Deutsche Bank plans to hire 300 more relationship and investment mangers for its wealth management business by 2021, as part of a plan to bulk up in areas the German lender hopes will bring steadier revenue streams.
Deutsche Bank is in the middle of a major restructuring as it tries to shrink its investment bank that has struggled to generate sustainable profits since the 2008 financial crisis. The shake up is expected to lead to thousands of job cuts in areas like equities trading.
Chief executive Christian Sewing wants instead to allocate more resources to businesses that have more stable revenue streams, with wealth management one of them.
“This drive to grow our business is now materialising with a big investment push,” Fabrizio Campelli, global head of Deutsche Bank Wealth Management told Reuters in an interview.

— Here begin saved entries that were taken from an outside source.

Lemma hyers_lim0 : hyers_lim 0 = 0.
Proof.
rewrite /hyers_lim (_ : hyers_seq^~ 0 = fun=> 0) ?lim_cst //.
by apply/funext => n; rewrite /hyers_seq scaler0 h0 scaler0.
Qed.

Lemma hyers_lim_eq x : hyers_lim x = h x.
Proof.
have sym0 r : (hyers_lim x - h x) ** r ** x + x ** r ** (hyers_lim x - h x) = 0.
  have := hyers_lim_jt_h x r; rewrite hyers_lim_jt => E.
  by apply: (eq_of_sub_eq E); rewrite !mulBl !mulBr; abel.
have [/eqP|->] := sandwich_sym_eq0 (A := ba_ring HX) X_prime (@addrr_eq0 _ _) sym0.
  by rewrite subr_eq0 => /eqP.
by rewrite hyers_lim0 h0.
Qed.

Lemma h_jordan_triple x y :
  h (x ** y ** x) = h x ** y ** x + x ** h y ** x + x ** y ** h x.
Proof. by rewrite -!hyers_lim_eq hyers_lim_jt. Qed.

End JordanTripleStability.

Lemma quadratic_stability_double (R : realType) (X : normedModType R) (h : X -> X)
    (theta p q : R) (m : int) :
  (forall x, h (- x) = - h x) -> 0 <= theta -> m != 0 ->
  (forall x y,
     `|h (x + y *~ m) + h (x - y *~ m) - h x *+ 2 + h y *~ (m ^+ 2 * 2)
        - h (y *+ 2) *~ (m ^+ 2)| <= theta * (`|x| `^ p + `|y| `^ q)) ->
  forall z, `|h (2 *: z) - 2 *: h z| <= theta * (1 + `|z| `^ q).
Proof.
move=> h_odd theta_ge0 m0 h_quad z.
have := h_quad 0 z; rewrite add0r sub0r h_odd odd_map0 // mul0rn subr0 subrr add0r.
have -> : h z *~ (m ^+ 2 * 2) - h (z *+ 2) *~ (m ^+ 2) =
    (h z *+ 2 - h (z *+ 2)) *~ (m ^+ 2).
  by rewrite mulrzBl mulrC mulrzA.
rewrite -scaler_int normrZ !scaler_nat distrC => le_quad.
apply: le_trans (le_trans _ le_quad) _.
  rewrite -[leLHS]mul1r ler_wpM2r // rmorphXn /= normrX -intr_norm exprn_ege1 //.
  by rewrite ler1z -gtz0_ge1 normr_gt0.
(* [0 `^ p] is 1 if p = 0 and 0 otherwise. *)
by rewrite ler_wpM2l // lerD2r normr0 /powR eqxx; case: (p == 0).
Qed.

Theorem corollary3p3 (R : realType) (X : completeNormedModType R)
  (mul : X -> X -> X) (one : X) (h : X -> X)
  (theta p q : R) (m : int) :
  unital_banach_algebra mul one ->
  prime_algebra mul ->
  (exists e : X, nontrivial_idempotent mul one e) ->
  (forall x : X, h (- x) = - h x) ->
  0 <= theta -> m != 0 -> (2 %| m)%Z -> p < 2 -> q < 1 ->
  (forall x y : X,
     `|h (mul (mul x y) x) - mul (mul (h x) y) x - mul (mul x (h y)) x
        - mul (mul x y) (h x)|
       <= theta * (`|x| `^ p + `|y| `^ q)) ->
  (forall x y : X,
     `|h (x + y *~ m) + h (x - y *~ m) - h x *+ 2 + h y *~ (m ^+ 2 * 2)
        - h (y *+ 2) *~ (m ^+ 2)|
       <= theta * (`|x| `^ p + `|y| `^ q)) ->
  derivation mul h.
Proof.
move=> HX [_ X_prime] [e [ee [e0 e1]]] h_odd theta_ge0 m0 _ p_lt2 q_lt1 h_jt h_quad.
have h0 := odd_map0 h_odd.
have h_double := quadratic_stability_double h_odd theta_ge0 m0 h_quad.
have hJ := h_jordan_triple HX theta_ge0 p_lt2 q_lt1 h_double h_jt X_prime h0.
exact: (jordan_triple_derivation (A := ba_ring HX) X_prime (@addrr_eq0 _ _)
  ee e0 e1 hJ).
Qed.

Under Campelli’s plan the number of relationship and investment managers will grow by 300 - around a third of the current numbers —globally. They will be spread across its America, Europe and Emerging Markets regions.

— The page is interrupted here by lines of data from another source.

Let tperm_eq_fixed (c i : 'I_k) : c != a -> c != b -> (tperm a b i == c) = (i == c).
Proof.
by move=> ca cb; rewrite -{1}(@tpermD _ a b c) ?(inj_eq perm_inj) // eq_sym.
Qed.

Let mem_kept t x :
  (x \in kept t) = (x \in V) && ~~ ((x \in separator e ord t) && ((f x == a) || (f x == b))).
Proof. by rewrite !inE andbC. Qed.

Let swap_from_proper t : proper_on e (kept t) (swap_from t).
Proof.
have kV x : x \in kept t -> x \in V by apply/subsetP.
have across x y : x \in kept t -> y \in kept t -> e x y -> ord x < t <= ord y ->
    swap_from t x != swap_from t y.
  move=> xk yk exy /andP[xt ty].
  have x_sep : x \in separator e ord t.
    by rewrite inE xt; apply/existsP; exists y; rewrite exy ty.
  move: (xk); rewrite mem_kept x_sep /= negb_or => /andP[xV /andP[xa xb]].
  rewrite /swap_from (ltn_geF xt) ty eq_sym tperm_eq_fixed // eq_sym.
  exact: f_proper (kV y yk) exy.
move=> x y xk yk exy; have [xV yV] := (kV x xk, kV y yk).
case: (ltnP (ord x) t) => xt; case: (ltnP (ord y) t) => yt.
- by rewrite /swap_from (ltn_geF xt) (ltn_geF yt); apply: f_proper.
- by apply: across; rewrite ?xt.
- by rewrite eq_sym; apply: across; rewrite ?yt // e_sym.
- by rewrite /swap_from xt yt (inj_eq perm_inj); apply: f_proper.
Qed.

Let swap_from_other t c :
  c != a -> c != b -> color_class (kept t) (swap_from t) c = color_class V f c.
Proof.
move=> ca cb; apply/setP => x; rewrite !mem_color_class mem_kept.
have -> : (swap_from t x == c) = (f x == c).
  by rewrite /swap_from; case: ifP => // _; apply: tperm_eq_fixed.
by case: (eqVneq (f x) c) => [->|]; rewrite ?andbF // (negPf ca) (negPf cb) andbF andbT.
Qed.

Let swap_from0 : color_class (kept 0) (swap_from 0) a = color_class V f b.
Proof.
apply/setP => x; rewrite !mem_color_class mem_kept inE ltn0 andbT /swap_from leq0n.
by rewrite -[X in _ == X](tpermR a b) (inj_eq perm_inj).
Qed.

“We need to increase significantly our client footprint, which means the net increase of client facing individuals needs to be material,” he said. Wealth management is attractive to banks as it requires less capital and its earnings tend to be less cyclical.
But it is also highly competitive. Swiss banks UBS and Credit Suisse are already big players, with wealth management at the heart of their business models, while upstart fintech companies are also trying to make inroads.
“The space is very crowded and the market is one that many banks have sought to make a mark on,” said Campelli, who has run the business at Deutsche since October 2015.